Skill shortages are more acute in emerging professions. Business leaders consistently cite difficulties when hiring for Data Analysts and Scientists, AI and Machine Learning Specialists as well as Software and Application Developers.
To address skills shortages, companies are investing in upskilling and reskilling programs. However, employee engagement into those courses is lagging, with only 42% of employees taking up employer-supported reskilling and upskilling opportunities. There are however significant challenges in the amount of skills that need to be developed especially for emerging roles in Data Science and Artificial Intelligence. Figure 5 illustrates the skills gap that needs to be closed for individuals to transition into these roles, with Artificial Intelligence, NLP, Data Science and Signal Processing representing the largest amount of skills needed to be developed for a successful transition.
Furthermore, the report uses data from Coursera learners to estimate the distance from the optimal level of mastery for learners targeting to transition into Data and AI, and quantifies the days of learning needed for the average worker to gain that level of mastery. (Figure 6).
Mastery score is the score attained by those in the top 80% on an assessment for that skill. Mastery gap is measured as a percentage representing the score among those looking to transition to the occupation as a share of the score among those already in the occupation.

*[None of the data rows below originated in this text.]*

(* Each of the logics $\mathbf{PD}$, $\mathsf{InqL}$ and $\mathbf{PT}$ is $\mathcal{F}$-structurally complete, where $\mathcal{F}$ is the class of all flat substitutions: for every such logic $\mathsf{L}$ and all formulas $\phi,\psi$ in the language of $\mathsf{L}$, if for every flat substitution $\sigma$ of $\mathsf{L}$, $\vdash_{\mathsf{L}}\sigma(\phi)$ implies $\vdash_{\mathsf{L}}\sigma(\psi)$, then $\phi\vdash_{\mathsf{L}}\psi$.
   Context: Fix a countably infinite set Prop of propositional variables. A valuation is a function $v:\mathrm{Prop}\to\{0,1\}$; a team is a set of valuations. Formulas of the extended propositional downwards closed team logic $\mathbf{PT}$ are given by $\phi::=p\mid\bot\mid\top\mid\,=\!(\phi_1,\dots,\phi_n,\phi)\mid\neg\phi\mid\phi\wedge\phi\mid\phi\otimes\phi\mid\phi\vee\phi\mid\phi\to\phi$ ($p\in\mathrm{Prop}$). Satisfaction of a formula on a team $X$: $X\models p$ iff $v(p)=1$ for all $v\in X$; $X\models\bot$ iff $X=\emptyset$; $X\models\top$ always; $X\models\phi\wedge\psi$ iff $X\models\phi$ and $X\models\psi$; $X\models\phi\otimes\psi$ iff $X=Y\cup Z$ for some $Y,Z\subseteq X$ with $Y\models\phi$, $Z\models\psi$; $X\models\phi\vee\psi$ iff $X\models\phi$ or $X\models\psi$; $X\models\phi\to\psi$ iff for every $Y\subseteq X$, $Y\models\phi$ implies $Y\models\psi$; $X\models\neg\phi$ iff $\{v\}\not\models\phi$ for all $v\in X$ (equivalently $X\models\phi\to\bot$); $X\models\,=\!(\phi_1,\dots,\phi_n,\psi)$ iff $X\models\bigwedge_{i=1}^n(\phi_i\vee(\phi_i\to\bot))\to(\psi\vee(\psi\to\bot))$. A formula $\phi$ is flat if for every team $X$: $X\models\phi$ iff $\{v\}\models\phi$ for all $v\in X$. Formulas of the extended propositional dependence logic $\mathbf{PD}$ are given by $\phi::=p\mid\bot\mid\top\mid\,=\!(\alpha_1,\dots,\alpha_k,\beta)\mid\neg\phi\mid\phi\wedge\phi\mid\phi\otimes\phi$ where $\alpha_i,\beta$ are flat formulas of $\mathbf{PD}$; they are evaluated by the same clauses, where for flat arguments the dependence clause is equivalent to: $X\models\,=\!(\vec\alpha,\beta)$ iff for all $v,v'\in X$, if $\{v\}\models\alpha_i\Leftrightarrow\{v'\}\models\alpha_i$ for every $i$, then $\{v\}\models\beta\Leftrightarrow\{v'\}\models\beta$. Formulas of propositional inquisitive logic $\mathsf{InqL}$ are built from $p,\bot,\top$ using $\wedge,\vee,\to$ with the same clauses ($\neg\phi$ abbreviates $\phi\to\bot$). For finite $\Gamma$, $\Gamma\models\phi$ means every team satisfying all formulas of $\Gamma$ satisfies $\phi$; for $\mathsf{L}\in\{\mathbf{PD},\mathsf{InqL},\mathbf{PT}\}$, $\Gamma\vdash_{\mathsf{L}}\phi$ iff $\phi$ and all members of $\Gamma$ are in the language of $\mathsf{L}$ and $\Gamma\models\phi$; $\vdash_{\mathsf L}\phi$ means $\emptyset\vdash_{\mathsf L}\phi$. A substitution of $\mathsf{L}$ is a map from formulas of $\mathsf{L}$ to formulas of $\mathsf{L}$ commuting with all connectives and atoms (so $\sigma(\bot)=\bot$, $\sigma(\top)=\top$, $\sigma(\neg\phi)=\neg\sigma(\phi)$, $\sigma(\phi\circ\psi)=\sigma(\phi)\circ\sigma(\psi)$, $\sigma(=\!(\vec\phi,\psi))=\,=\!(\sigma(\vec\phi),\sigma(\psi))$); it is flat if $\sigma(p)$ is flat for every $p\in\mathrm{Prop}$. *)

From Stdlib Require Import List.
Import ListNotations.
Set Implicit Arguments.
Lemma cyc1 (p : 1.-tuple edge) : cyc p = [set p].
Proof.
apply/setP => q; rewrite inE; apply/imsetP/eqP => [[i _ ->]|->].
  by apply/val_inj; rewrite /= ord1 rot0.
by exists ord0 => //; apply/val_inj; rewrite /= rot0.
Qed.

Lemma cyc2 (p : 2.-tuple edge) : cyc p = [set p; [tuple of rot 1 p]].
Proof.
apply/setP => q; rewrite !inE.
apply/imsetP/orP => [[[[|[|]] //= _] _ ->] | [/eqP-> | /eqP->]].
- by left; apply/eqP/val_inj; rewrite /= rot0.
- by right; apply/eqP/val_inj.
- by exists ord0 => //; apply/val_inj; rewrite /= rot0.
- by exists (inord 1) => //; apply/val_inj; rewrite /= inordK.
Qed.

Lemma cyc_swap a b : cyc [tuple a; b] = cyc [tuple b; a].
Proof. by rewrite !cyc2 finset.setUC; congr ([set _] :|: [set _]); apply/val_inj. Qed.

Lemma newprime_cycles1 :
  [set c in cycles 1 | newprime c] = [set cyc [tuple Ev1]; cyc [tuple Ev2]].
Proof.
apply/setP => c; rewrite !inE; apply/andP/orP => [[/imsetP[p]] | ].
  rewrite inE => closed_p ->; rewrite newprime_cyc //.
  case/tupleP: p closed_p => a p; rewrite tuple0.
  case: a => //= _ _; [left | right]; apply/eqP; congr cyc; exact/val_inj.
by case=> /eqP ->; rewrite newprime_cyc //; split => //; apply/imsetP;
  [exists [tuple Ev1] | exists [tuple Ev2]]; rewrite ?inE.
Qed.

Lemma newprime_cycles2 :
  [set c in cycles 2 | newprime c] = [set cyc [tuple Ev1; E1]; cyc [tuple Ev1; E1b]].
Proof.
apply/setP => c; rewrite !inE; apply/andP/orP => [[/imsetP[p]] | ].
  rewrite inE => closed_p ->; rewrite newprime_cyc //.
  case/tupleP: p closed_p => a p; case/tupleP: p => b p; rewrite tuple0.
  case: a; case: b; rewrite /closedp /= ?mem_seq1 ?edge_eqE //= => _ _;
    [left; rewrite cyc_swap | right; rewrite cyc_swap | left | right];
    by apply/eqP; congr cyc; apply/val_inj.
by case=> /eqP ->; rewrite newprime_cyc //= ?mem_seq1 ?edge_eqE //; split => //;
  apply/imsetP; [exists [tuple Ev1; E1] | exists [tuple Ev1; E1b]]; rewrite ?inE.
Qed.

Section NewPrimeSums.
Variable V : nmodType.

Lemma sum_newprime_cond L (P : pred {set L.-tuple edge}) (F : {set L.-tuple edge} -> V) :
  \sum_(c in cycles L | newprime c && P c) F c =
  \sum_(c in [set c in cycles L | newprime c]) (if P c then F c else 0).
Proof. by rewrite -big_mkcondr; apply: eq_bigl => c; rewrite inE andbA. Qed.

Lemma sum_newprime L (F : {set L.-tuple edge} -> V) :
  \sum_(c in cycles L | newprime c) F c = \sum_(c in [set c in cycles L | newprime c]) F c.
Proof. by apply: eq_bigl => c; rewrite inE. Qed.

Lemma sum_newprime_cycles1 (F : {set 1.-tuple edge} -> V) :
  \sum_(c in [set c in cycles 1 | newprime c]) F c = F (cyc [tuple Ev1]) + F (cyc [tuple Ev2]).
Proof.
rewrite newprime_cycles1 big_setU1 ?big_set1 // finset.in_set1 !cyc1 (inj_eq set1_inj).
by rewrite -val_eqE /= eqseq_cons edge_eqE.
Qed.

Lemma sum_newprime_cycles2 (F : {set 2.-tuple edge} -> V) :
  \sum_(c in [set c in cycles 2 | newprime c]) F c =
  F (cyc [tuple Ev1; E1]) + F (cyc [tuple Ev1; E1b]).
Proof.
rewrite newprime_cycles2 big_setU1 ?big_set1 // finset.in_set1.
apply/eqP => /setP/(_ [tuple Ev1; E1]); rewrite !cyc2 !inE eqxx.
by rewrite -!val_eqE /= !eqseq_cons !edge_eqE.
Qed.
End NewPrimeSums.

Lemma big_nat_12_cond (V : nmodType) (P : pred nat) (F : nat -> V) :
  \sum_(1 <= i < 3 | P i) F i = (if P 1%N then F 1%N else 0) + (if P 2%N then F 2%N else 0).
Proof. by rewrite big_mkcond big_ltn // big_nat1. Qed.

Section Invariants.
Variable R : realType.
Implicit Types P Q : potential R.

Lemma Inm1 m Q : Inm 1 m Q = (if 0 == m then Q v1 + Q v2 else 0).
Proof.
rewrite /Inm big_nat1 big_mkcond big_nat1 /= sum_newprime_cond sum_newprime_cycles1.
rewrite !pindex_crep !pweight_crep /pindex /pweight !big_cons !big_nil /=.
rewrite addr0 mulr0 invr1 !mul1r !mulr1 !expr1.
by case: (0 == m); rewrite ?addr0.
Qed.

Lemma Inm2 m Q : Inm 2 m Q =
  (if 1 == m then Q v1 else 0) + (if -1 == m then Q v1 else 0) +
  (if 0 == m then 2^-1 * (Q v1 ^+ 2 + Q v2 ^+ 2) else 0).
Proof.
rewrite /Inm big_ltn // big_nat1 !big_nat_12_cond /=.
rewrite !sum_newprime_cond sum_newprime_cycles1 sum_newprime_cycles2.
rewrite !pindex_crep !pweight_crep /pindex /pweight !big_cons !big_nil /=.
rewrite !(add0r, addr0, mulr0, mul1r, mulr1, invr1, expr1).
by case: (0 == m); rewrite ?mulrDr ?addr0.
Qed.

Lemma In1 Q : In 1 Q = Q v1 + Q v2.
Proof.
rewrite /In big_nat1 big_mkcond big_nat1 /= sum_newprime sum_newprime_cycles1.
by rewrite !pweight_crep /pweight !big_cons !big_nil /= invr1 !mul1r !mulr1 !expr1.
Qed.

Lemma In2 Q : In 2 Q = 2^-1 * (Q v1 ^+ 2 + Q v2 ^+ 2) + 2 * Q v1.
Proof.
rewrite /In big_ltn // big_nat1 !big_nat_12_cond /=.
rewrite !sum_newprime sum_newprime_cycles1 sum_newprime_cycles2.
rewrite !pweight_crep /pweight !big_cons !big_nil /=.
rewrite !(add0r, addr0, mul1r, mulr1, invr1, expr1).
ring.
Qed.
Lemma floquet_invariants Q :
  [/\ Inm 1 0 Q = Q v1 + Q v2, Inm 2 0 Q = 2^-1 * (Q v1 ^+ 2 + Q v2 ^+ 2),
       Inm 2 1 Q = Q v1 & Inm 2 (-1) Q = Q v1].
Proof. by rewrite Inm1 !Inm2 /= !(add0r, addr0). Qed.
(* Let $(X,d,f)$ be a dynamical system and let $\mathcal{A}=\{\mathcal{U}_n\}_{n\in\mathbb{N}}$ be a complete tame defining sequence of $(X,d)$. Assume that $f$ has the finite shadowing property. Then: (i) $f$ is conjugate to the inverse limit of a sequence of 1-step shifts on a countable alphabet; more precisely, $(X,d,f)$ is topologically conjugate to $\big(\varprojlim(\hookrightarrow,\mathcal{PO}(\mathcal{U}_n)),\sigma^*\big)$; (ii) if moreover $f$ is uniformly continuous, then this conjugacy can be chosen uniform, i.e. the conjugating homeomorphism and its inverse are uniformly continuous.
   Context: All spaces are nonempty separable metrizable spaces. A dynamical system $(X,d,f)$ is a space $X$ with an admissible metric $d$ and a continuous map $f:X\to X$. A partition of $X$ is a cover by pairwise disjoint nonempty clopen sets; for a partition $\mathcal{U}$ and $x\in X$, $\mathcal{U}[x]$ is the element of $\mathcal{U}$ containing $x$. A defining sequence of $X$ is a sequence $\{\mathcal{U}_n\}_{n\in\mathbb{N}}$ of partitions such that each element of $\mathcal{U}_{n+1}$ is contained in an element of $\mathcal{U}_n$, and $\bigcup_n\mathcal{U}_n$ is a basis of the topology. It is complete if whenever $U_n\in\mathcal{U}_n$ with $U_{n+1}\subseteq U_n$ for all $n$, $\bigcap_nU_n\neq\emptyset$. It is tame (with respect to $d$) if $S_n:=\sup\{\operatorname{diam}(O):O\in\mathcal{U}_n\}\to0$ and for each $n$ there is $\rho_n>0$ with $d(x_1,x_2)\ge\rho_n$ whenever $x_1,x_2$ lie in distinct elements of $\mathcal{U}_n$. A $\delta$-pseudo-orbit is a (finite or infinite) sequence $(x_n)$ with $d(f(x_n),x_{n+1})<\delta$ for all consecutive indices; $x$ $\varepsilon$-shadows $(x_n)$ if $d(f^n(x),x_n)<\varepsilon$ for all indices $n$. $f$ has the finite shadowing property if for every $\varepsilon>0$ there is $\delta>0$ such that every finite $\delta$-pseudo-orbit is $\varepsilon$-shadowed by some point; the shadowing property is the same with infinite pseudo-orbits. For a partition $\mathcal{U}$ (with the discrete metric), $\mathcal{PO}(\mathcal{U})=\{(O_i)_{i\in\mathbb{N}}\in\mathcal{U}^{\mathbb{N}}: f(O_i)\cap O_{i+1}\neq\emptyset\ \forall i\}$, a 1-step shift space (shift space over the countable alphabet $\mathcal{U}$ defined by forbidden words of length 2) with shift map $\sigma(O_i)_i=(O_{i+1})_i$ and metric $d((O_i),(O'_i))=1/(i+1)$ for the least $i$ with $O_i\ne O'_i$. The bonding map $\hookrightarrow:\mathcal{PO}(\mathcal{U}_{n+1})\to\mathcal{PO}(\mathcal{U}_n)$ sends $(O_i)$ to the unique $(V_i)\in\mathcal{U}_n^{\mathbb{N}}$ with $O_i\subseteq V_i$ for all $i$. The inverse limit $\varprojlim(\hookrightarrow,\mathcal{PO}(\mathcal{U}_n))=\{(y_n)\in\prod_n\mathcal{PO}(\mathcal{U}_n): y_n=\hookrightarrow(y_{n+1})\ \forall n\}$, with metric $d_\Pi((y_n),(z_n))=\max_n d(y_n,z_n)/(n+1)$, and $\sigma^*$ is the restriction to it of the product of the shift maps. *)

From Stdlib Require Import Reals Lra Lia Classical ClassicalEpsilon.
Open Scope R_scope.

Section Defs.
Context {X : Type}.

Definition subset (A B : X -> Prop) : Prop := forall x, A x -> B x.

Definition is_metric (d : X -> X -> R) : Prop :=
  (forall x y, 0 <= d x y) /\ (forall x y, d x y = 0 <-> x = y) /\
  (forall x y, d x y = d y x) /\ (forall x y z, d x z <= d x y + d y z).

Definition is_open (d : X -> X -> R) (A : X -> Prop) : Prop :=
  forall x, A x -> exists e, 0 < e /\ forall y, d x y < e -> A y.
Definition is_closed (d : X -> X -> R) (A : X -> Prop) : Prop :=
  is_open d (fun x => ~ A x).
Definition is_clopen d A := is_open d A /\ is_closed d A.

(* separable: there is a countable dense subset (X is nonempty) *)
Definition separable (d : X -> X -> R) : Prop :=
  exists s : nat -> X, forall x e, 0 < e -> exists n, d x (s n) < e.

Definition continuous_map (d : X -> X -> R) (f : X -> X) : Prop :=
  forall x e, 0 < e -> exists dl, 0 < dl /\ forall y, d x y < dl -> d (f x) (f y) < e.
Definition unif_continuous_map (d : X -> X -> R) (f : X -> X) : Prop :=
  forall e, 0 < e -> exists dl, 0 < dl /\ forall x y, d x y < dl -> d (f x) (f y) < e.

Definition dyn_system (d : X -> X -> R) (f : X -> X) : Prop :=
  inhabited X /\ is_metric d /\ separable d /\ continuous_map d f.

In conclusion, technological adoption continues expanding, and skills availability remains the #1 barrier to that adoption. Businesses and governments around the world are investing significantly in upskilling and reskilling programs, with a significant percentage of that investment going towards transitions into Data and AI Jobs. Demand for Data Analysts, Data Scientists, and AI Specialists is high, but the skills gap that needs to be addressed to successfully transition into those roles is large.